Let's also not turn this into a discussion around whether signed vs unsigned is better.

There are pro's and con's to each. Signed tends to be more intuitive and less error prone when handling overflow and other failure cases. Unsigned tends to have better optimization support.

The JIT and internal implementation can reasonably optimize never-negative signed when that information is present and so signed ends up being a "better default" from a UX perspective.

The main downside is also not really a downside. You lose a bit that you will, realistically speaking, never need.

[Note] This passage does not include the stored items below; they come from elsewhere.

Lemma is_derive_primitiveB y : -1 < y < 1 ->
  is_derive primitiveB y ((y ^ 2 - 1) / (y ^ 2 - 1) ^ 2).
Proof.
  intros Hy. unfold primitiveB, two_artanh. auto_derive.
  - repeat split; try lra. apply Rdiv_lt_0_compat; lra.
  - field. repeat split; nra.
Qed.

Lemma primitiveB_surjective c : exists y, -1 < y < 1 /\ primitiveB y = c.
Proof.
  exists (tanh_half (-2 * c)). split; [apply tanh_half_bounds|].
  unfold primitiveB. rewrite two_artanh_tanh_half. field.
Qed.

Definition primitiveA (y : R) : R := - (y / (2 * (y ^ 2 - 1)) + two_artanh y / 4).

Lemma is_derive_primitiveA y : -1 < y < 1 ->
  is_derive primitiveA y (y ^ 2 / (y ^ 2 - 1) ^ 2).
Proof.
  intros Hy. unfold primitiveA, two_artanh. auto_derive.
  - repeat split; try nra. apply Rdiv_lt_0_compat; lra.
  - field. repeat split; nra.
Qed.

Lemma primitiveA_tanh_half s :
  primitiveA (tanh_half s) = (exp s - / exp s) / 8 - s / 4.
Proof.
  pose proof (exp_pos s). unfold primitiveA. rewrite two_artanh_tanh_half.
  unfold tanh_half. field. split; nra.
Qed.

Lemma exp_sub_inv_large M : exists s, 0 < s /\ M < (exp s - / exp s) / 8 - s / 4.
Proof.
  set (s := 4 + 32 * (Rabs M + 1)). exists s.
  pose proof (Rle_abs M). pose proof (Rabs_pos M).
  assert (Hs : 4 < s) by (unfold s; lra).
  assert (Hexp : 1 + s + s * s / 4 < exp s).
  { replace s with (s / 2 + s / 2) at 4 by field. rewrite exp_plus.
    pose proof (exp_ineq1 (s / 2) ltac:(lra)). nra. }
  assert (Hinv : / exp s < 1).
  { apply (Rmult_lt_reg_l (exp s)); [apply exp_pos|]. rewrite Rinv_r, Rmult_1_r; nra. }
  assert (Hquad : s * s / 32 - s / 8 = s * (Rabs M + 1)) by (unfold s; field).
  assert (M < s * (Rabs M + 1)) by nra.
  split; lra.
Qed.

Lemma primitiveA_surjective c : exists y, -1 < y < 1 /\ primitiveA y = c.
Proof.
  destruct (exp_sub_inv_large (Rabs c)) as [s [Hs Hlarge]].
  pose proof (Rle_abs c). pose proof (Rle_abs (- c)). rewrite Rabs_Ropp in *.
  assert (Hneg : primitiveA (tanh_half (- s)) - c < 0).
  { rewrite primitiveA_tanh_half, exp_Ropp, Rinv_inv. lra. }
  assert (Hpos : 0 < primitiveA (tanh_half s) - c) by (rewrite primitiveA_tanh_half; lra).
  destruct (Ranalysis5.IVT_interv (fun y => primitiveA y - c) (tanh_half (- s)) (tanh_half s))
    as [y [Hy Hy0]]; [| | exact Hneg | exact Hpos |].
  - intros y Hy. apply continuity_pt_of_ex_derive.
    pose proof (tanh_half_bounds s). pose proof (tanh_half_bounds (- s)).
    apply (ex_derive_minus primitiveA (fun _ => c)); [|apply ex_derive_const].
    eexists; apply is_derive_primitiveA; lra.
  - rewrite tanh_half_opp. pose proof (tanh_half_pos s Hs). lra.
  - exists y. pose proof (tanh_half_bounds s). pose proof (tanh_half_bounds (- s)).
    split; lra.
Qed.

(** * Exact self-similar solutions *)

Section SelfSimilar.

Variables (U : R -> R) (T x0 : R).
Hypothesis HT : 0 < T.
Hypothesis HU1 : forall y, -1 < y < 1 -> ex_derive U y.
Hypothesis HU2 : forall y, -1 < y < 1 -> ex_derive (Derive U) y.

Lemma d_t_selfsim s z : T - s <> 0 -> -1 < (z - x0) / (T - s) < 1 ->
  d_t (selfsim U T x0) s z = Derive U ((z - x0) / (T - s)) * ((z - x0) / (T - s) ^ 2).
Proof.
  intros Hs Hz. unfold d_t, selfsim, Rminus, Rdiv in *.
  apply is_derive_unique. auto_derive.
  - repeat split; [apply HU1, Hz | exact Hs].
  - change (fun y => U y) with U. field. exact Hs.
Qed.

Lemma d_x_selfsim s z : T - s <> 0 -> -1 < (z - x0) / (T - s) < 1 ->
  d_x (selfsim U T x0) s z = Derive U ((z - x0) / (T - s)) / (T - s).
Proof.
  intros Hs Hz. unfold d_x, selfsim, Rminus, Rdiv in *.
  apply is_derive_unique. auto_derive.
  - apply HU1, Hz.
  - change (fun y => U y) with U. field. exact Hs.
Qed.

Lemma d_tt_selfsim y : -1 < y < 1 ->
  d_t (d_t (selfsim U T x0)) 0 (x0 + T * y)
  = (Derive (Derive U) y * y ^ 2 + 2 * y * Derive U y) / T ^ 2.
Proof.
  intros Hy. set (z := x0 + T * y).
  assert (Ey : (z - x0) / (T - 0) = y) by (unfold z; field; lra).
  assert (Hnear : locally 0 (fun s => T - s <> 0 /\ -1 < (z - x0) / (T - s) < 1)).
  { apply filter_and.
    - apply (locally_open_preimage (fun s => T - s) 0 (fun r => r <> 0));
        [apply (ex_derive_continuous (fun s => T - s)); auto_derive; exact I
        | apply open_neq | lra].
    - apply (locally_open_preimage (fun s => (z - x0) / (T - s)) 0 (fun r => -1 < r < 1));
        [apply (ex_derive_continuous (fun s => (z - x0) / (T - s))); auto_derive; lra
        | apply (open_interval (-1) 1) | rewrite Ey; exact Hy]. }
  unfold d_t at 1.
  rewrite (Derive_ext_loc _ (fun s => Derive U ((z - x0) / (T - s)) * ((z - x0) / (T - s) ^ 2)))
    by (apply (filter_imp _ _ (fun s Hs => d_t_selfsim s z (proj1 Hs) (proj2 Hs)) Hnear)).
  replace (z - x0) with (T * y) by (unfold z; ring).
  apply is_derive_unique. auto_derive;
    replace (T * y * / (T + - 0)) with y by (field; lra).
  - repeat split; [apply HU2, Hy | lra | nra].
  - change (fun w => Derive U w) with (Derive U). field. lra.
Qed.

Lemma d_xx_selfsim y : -1 < y < 1 ->
  d_x (d_x (selfsim U T x0)) 0 (x0 + T * y) = Derive (Derive U) y / T ^ 2.
Proof.
  intros Hy.
  assert (HT0 : T - 0 <> 0) by lra.
  assert (Hnear : locally (x0 + T * y) (fun z => -1 < (z - x0) / (T - 0) < 1)).
  { apply (locally_open_preimage (fun z => (z - x0) / (T - 0)) _ (fun r => -1 < r < 1));
      [apply (ex_derive_continuous (fun z => (z - x0) / (T - 0))); auto_derive; lra
      | apply (open_interval (-1) 1) |].
    replace ((x0 + T * y - x0) / (T - 0)) with y by (field; lra). exact Hy. }
  unfold d_x at 1.
  rewrite (Derive_ext_loc _ (fun z => Derive U ((z - x0) / (T - 0)) / (T - 0)))
    by (apply (filter_imp _ _ (fun z Hz => d_x_selfsim 0 z HT0 Hz) Hnear)).
  rewrite Rminus_0_r. apply is_derive_unique. auto_derive;
    replace ((x0 + T * y + - x0) * / T) with y by (field; lra).
  - apply HU2, Hy.
  - change (fun w => Derive U w) with (Derive U). field. lra.
Qed.

Lemma d_t_selfsim_slice y : -1 < y < 1 ->
  d_t (selfsim U T x0) 0 (x0 + T * y) = Derive U y * y / T.
Proof.
  intros Hy. rewrite d_t_selfsim; replace ((x0 + T * y - x0) / (T - 0)) with y by (field; lra).
  - field. lra.
  - lra.
  - exact Hy.
Qed.

Lemma d_x_selfsim_slice y : -1 < y < 1 ->
  d_x (selfsim U T x0) 0 (x0 + T * y) = Derive U y / T.
Proof.
  intros Hy. rewrite d_x_selfsim; replace ((x0 + T * y - x0) / (T - 0)) with y by (field; lra).
  - rewrite Rminus_0_r. reflexivity.
  - lra.
  - exact Hy.
Qed.

Lemma cone_open_slice y : -1 < y < 1 -> cone_open T x0 0 (x0 + T * y).
Proof.
  intros Hy. split; [lra|].
  replace (x0 + T * y - x0) with (T * y) by ring.
  rewrite Rabs_mult, (Rabs_pos_eq T) by lra.
  assert (Rabs y < 1) by (apply Rabs_def1; lra). nra.
Qed.

Lemma selfsim_profile_ode_A : solves_A (selfsim U T x0) (cone_open T x0) ->
  forall y, -1 < y < 1 ->
  (y ^ 2 - 1) * Derive (Derive U) y + 2 * y * Derive U y = y ^ 2 * Derive U y ^ 2.
Proof.
  intros Hsol y Hy. specialize (Hsol 0 (x0 + T * y) (cone_open_slice y Hy)).
  apply (Rmult_eq_reg_r (/ T ^ 2)); [|apply Rinv_neq_0_compat; nra].
  transitivity (d_t (d_t (selfsim U T x0)) 0 (x0 + T * y)
                - d_x (d_x (selfsim U T x0)) 0 (x0 + T * y)).
  - rewrite d_tt_selfsim, d_xx_selfsim by exact Hy. field. lra.
  - rewrite Hsol, d_t_selfsim_slice by exact Hy. field. lra.
Qed.

Lemma selfsim_profile_ode_B : solves_B (selfsim U T x0) (cone_open T x0) ->
  forall y, -1 < y < 1 ->
  (y ^ 2 - 1) * Derive (Derive U) y + 2 * y * Derive U y = (y ^ 2 - 1) * Derive U y ^ 2.
Proof.
  intros Hsol y Hy. specialize (Hsol 0 (x0 + T * y) (cone_open_slice y Hy)).
  apply (Rmult_eq_reg_r (/ T ^ 2)); [|apply Rinv_neq_0_compat; nra].
  transitivity (d_t (d_t (selfsim U T x0)) 0 (x0 + T * y)
                - d_x (d_x (selfsim U T x0)) 0 (x0 + T * y)).
  - rewrite d_tt_selfsim, d_xx_selfsim by exact Hy. field. lra.
  - rewrite Hsol, d_t_selfsim_slice, d_x_selfsim_slice by exact Hy. field. lra.
Qed.

End SelfSimilar.

Lemma interior_point_near a b y d : a < b -> a <= y <= b -> 0 < d ->
  exists z, a < z < b /\ Rabs (z - y) < d.
Proof.
  intros Hab Hy Hd. set (e := Rmin d (b - a) / 3).
  assert (He : 0 < e /\ e < d /\ e <= (b - a) / 3).
  { unfold e. pose proof (Rmin_l d (b - a)). pose proof (Rmin_r d (b - a)).
    pose proof (Rmin_pos d (b - a) Hd ltac:(lra)). lra. }
  destruct (Rle_lt_dec y ((a + b) / 2)).
  - exists (y + e). split; [lra|]. rewrite Rabs_pos_eq; lra.
  - exists (y - e). split; [lra|]. rewrite Rabs_left; lra.
Qed.

Lemma constant_on_closed_interval (U : R -> R) a b c : a < b ->
  (forall y, a <= y <= b ->
     filterlim U (within (fun z => a <= z <= b) (locally y)) (locally (U y))) ->
  (forall z, a < z < b -> U z = c) ->
  forall y, a <= y <= b -> U y = c.
Proof.
  intros Hab Hc Hint y Hy. apply cond_eq. intros eps Heps.
  destruct (Hc y Hy (fun r => Rabs (r - U y) < eps)) as [d Hd].
  { exists (mkposreal eps Heps). intros r Hr. exact Hr. }
  destruct (interior_point_near a b y d Hab Hy (cond_pos d)) as [z [Hz Hzy]].
  rewrite <- (Hint z Hz), Rabs_minus_sym. apply Hd; [exact Hzy | lra].
Qed.

Lemma smooth_closed_constant (U : R -> R) : smooth_closed U (-1) 1 ->
  (forall y, -1 < y < 1 -> Derive U y = 0) -> ~ nonconstant_on U (-1) 1.
Proof.
  intros [Hc Hd] HU' [y1 [y2 [Hy1 [Hy2 Hne]]]].
  assert (Hint : forall z, -1 < z < 1 -> U z = U 0).
  { intros z Hz. apply (derive0_constant (-1) 1); [|lra|exact Hz].
    intros w Hw. rewrite <- (HU' w Hw). apply Derive_correct, (proj1 (Hd 1%nat) w Hw). }
  pose proof (constant_on_closed_interval U (-1) 1 (U 0) ltac:(lra) Hc Hint) as Hconst.
  apply Hne. rewrite (Hconst y1 Hy1), (Hconst y2 Hy2). reflexivity.
Qed.

Lemma no_selfsimilar_A T x0 : 0 < T ->
  ~ (exists U : R -> R, smooth_closed U (-1) 1 /\ nonconstant_on U (-1) 1 /\
       solves_A (selfsim U T x0) (cone_open T x0)).
Proof.
  intros HT [U [Hs [Hn Hsol]]].
  pose proof (proj1 (proj2 Hs 1%nat)) as HU1. pose proof (proj1 (proj2 Hs 2%nat)) as HU2.
  apply (smooth_closed_constant U Hs); [|exact Hn].
  apply (profile_ode_zero (fun y => y ^ 2) primitiveA (Derive U)).
  - exact HU2.
  - exact (selfsim_profile_ode_A U T x0 HT HU1 HU2 Hsol).
  - intros y _. apply (ex_derive_continuous (fun y => y ^ 2)). auto_derive. exact I.
  - exact is_derive_primitiveA.
  - exact primitiveA_surjective.
Qed.

Lemma no_selfsimilar_B T x0 : 0 < T ->
  ~ (exists U : R -> R, smooth_closed U (-1) 1 /\ nonconstant_on U (-1) 1 /\
       solves_B (selfsim U T x0) (cone_open T x0)).
Proof.
  intros HT [U [Hs [Hn Hsol]]].
  pose proof (proj1 (proj2 Hs 1%nat)) as HU1. pose proof (proj1 (proj2 Hs 2%nat)) as HU2.
  apply (smooth_closed_constant U Hs); [|exact Hn].
  apply (profile_ode_zero (fun y => y ^ 2 - 1) primitiveB (Derive U)).
  - exact HU2.
  - exact (selfsim_profile_ode_B U T x0 HT HU1 HU2 Hsol).
  - intros y _. apply (ex_derive_continuous (fun y => y ^ 2 - 1)). auto_derive. exact I.
  - exact is_derive_primitiveB.
  - exact primitiveB_surjective.
Qed.

(** * Elementary functions of (t, x) *)

Inductive rexpr :=
  | ECst (c : R) | ET | EX
  | EAdd (e1 e2 : rexpr) | EMul (e1 e2 : rexpr) | EOpp (e : rexpr)
  | EInv (e : rexpr) | ELn (e : rexpr) | EPow (e : rexpr) (n : nat).

Fixpoint eval (e : rexpr) (t x : R) : R :=
  match e with
  | ECst c => c
  | ET => t
  | EX => x
  | EAdd e1 e2 => eval e1 t x + eval e2 t x
  | EMul e1 e2 => eval e1 t x * eval e2 t x
  | EOpp e => - eval e t x
  | EInv e => / eval e t x
  | ELn e => ln (eval e t x)
  | EPow e n => eval e t x ^ n
  end.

On a 32-bit machine, you have 4GB of memory and you will practically never be able to do a single allocation that is near or greater than 2GB in size. It's impractical because that's more than half the address space available to the entire machine. You'll in the best case cause some pretty major contention and slow down the entire machine.

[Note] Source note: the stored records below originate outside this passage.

Lemma adj_scale m n (a : C) (A : 'M[C]_(m, n)) : adj (a *: A) = a^* *: adj A.
Proof. by rewrite /adj map_mxZ linearZ. Qed.

Lemma adjB m n (A B : 'M[C]_(m, n)) : adj (A - B) = adj A - adj B.
Proof. by rewrite /adj map_mxB linearB. Qed.

Lemma adj0 m n : adj (0 : 'M[C]_(m, n)) = 0.
Proof. by rewrite /adj map_mx0 trmx0. Qed.

Lemma adj_mx1 n : adj (1%:M : 'M[C]_n) = 1%:M.
Proof. by rewrite /adj map_mx1 trmx1. Qed.

Lemma adj_block m1 m2 n1 n2 (a : 'M[C]_(m1, n1)) (b : 'M[C]_(m1, n2))
    (c : 'M[C]_(m2, n1)) (d : 'M[C]_(m2, n2)) :
  adj (block_mx a b c d) = block_mx (adj a) (adj c) (adj b) (adj d).
Proof. by rewrite /adj map_block_mx tr_block_mx. Qed.

Lemma adj_row m n1 n2 (a : 'M[C]_(m, n1)) (b : 'M[C]_(m, n2)) :
  adj (row_mx a b) = col_mx (adj a) (adj b).
Proof. by rewrite /adj map_row_mx tr_row_mx. Qed.

Lemma adj_col m1 m2 n (a : 'M[C]_(m1, n)) (b : 'M[C]_(m2, n)) :
  adj (col_mx a b) = row_mx (adj a) (adj b).
Proof. by rewrite /adj map_col_mx tr_col_mx. Qed.

Lemma adj_cast m n m' n' (e : (m = m') * (n = n')) (A : 'M[C]_(m, n)) :
  adj (castmx e A) = castmx (e.2, e.1) (adj A).
Proof. by rewrite /adj map_castmx trmx_cast. Qed.

Lemma adj_tens m n p q (A : 'M[C]_(m, n)) (B : 'M[C]_(p, q)) :
  adj (A *t B) = adj A *t adj B.
Proof. by rewrite /adj map_mxT trmx_tens. Qed.

Lemma adj_delta m n (i : 'I_m) (j : 'I_n) : adj (delta_mx i j : 'M[C]_(m, n)) = delta_mx j i.
Proof. by apply/matrixP => x y; rewrite /adj !mxE conjC_nat andbC. Qed.

Lemma adj_block_diag_mul m1 m2 n1 n2 p1 p2 (X : 'M[C]_(m1, n1)) (Y : 'M[C]_(m2, n2))
    (X' : 'M[C]_(m1, p1)) (Y' : 'M[C]_(m2, p2)) :
  adj (block_mx X 0 0 Y) *m block_mx X' 0 0 Y' = block_mx (adj X *m X') 0 0 (adj Y *m Y').
Proof. by rewrite adj_block !adj0 block_diag_mul. Qed.

Lemma adj_delta_mul_delta v (k l : 'I_v) :
  adj (delta_mx k 0 : 'cV[C]_v) *m delta_mx l 0 = (k == l)%:R%:M.
Proof.
rewrite adj_delta mul_delta_mx_cond; apply/matrixP => x y.
by rewrite !ord1 mulmxnE !mxE.
Qed.

Lemma sum_delta_mul_adj v : \sum_k (delta_mx k 0 : 'cV[C]_v) *m adj (delta_mx k 0) = 1%:M.
Proof.
under eq_bigr => k _ do rewrite adj_delta mul_delta_mx.
by rewrite -mx1_sum_delta.
Qed.

End Adjoint.

Section Kraus.
Variable C : numClosedFieldType.

Lemma kraus_apply_comp (I J : finType) m n p q (K : I -> 'M[C]_(m, n))
    (L : J -> 'M[C]_(n, p)) (W : 'M[C]_(p, q)) (rho : 'M[C]_q) :
  kraus_apply K (kraus_apply L (W *m rho *m adj W)) =
  kraus_apply (fun ij : I * J => K ij.1 *m L ij.2 *m W) rho.
Proof.
rewrite /kraus_apply
  -(pair_bigA _ (fun i j => K i *m L j *m W *m rho *m adj (K i *m L j *m W))) /=.
apply: eq_bigr => i _; rewrite mulmx_sumr mulmx_suml; apply: eq_bigr => j _.
by rewrite !adjM !mulmxA.
Qed.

On a 64-bit machine, no modern computer supports that much memory anyways and when you do get to more than 2^63 bits of memory, you hit the same contention and other issues that you'd have hit on 32-bit.

GrabYourPitchforks commented 2 years ago

Agree with Tanner - it would be strange to expose pointer-based overloads here without more context as to why they're necessary for extremely large data. I'd much rather see us focus on making Span<T> (or equivalent) able to support larger buffers, which will also involve the creation of an OperationStatus-based pattern for dealing with these inputs. Once this pattern is created, we can consider which APIs (such as this) are candidates for enlightening.

As was mentioned earlier, it's possible to implement this today at the call site via a loop.

Unless there's a strong motivation to keep this around I'm going to let the bot auto-close it.

ghost commented 2 years ago

This issue has been marked needs-author-action and may be missing some important information.

ghost commented 2 years ago

This issue has been automatically marked no-recent-activity because it has not had any activity for 14 days. It will be closed if no further activity occurs within 14 more days. Any new comment (by anyone, not necessarily the author) will remove no-recent-activity.

SupinePandora43 commented 2 years ago

@GrabYourPitchforks

public ref struct Span<T>
{
    private ref reference;
    private nuint length;
    [Obsolete (BinaryCompatibilityOnly)]
    public int Length => checked((int)length);
    public nuint Length => length;
}

Then?

GrabYourPitchforks commented 2 years ago

This isn't the right issue to discuss changing Span. I'd suggest taking that discussion to https://github.com/dotnet/runtime/issues/12221.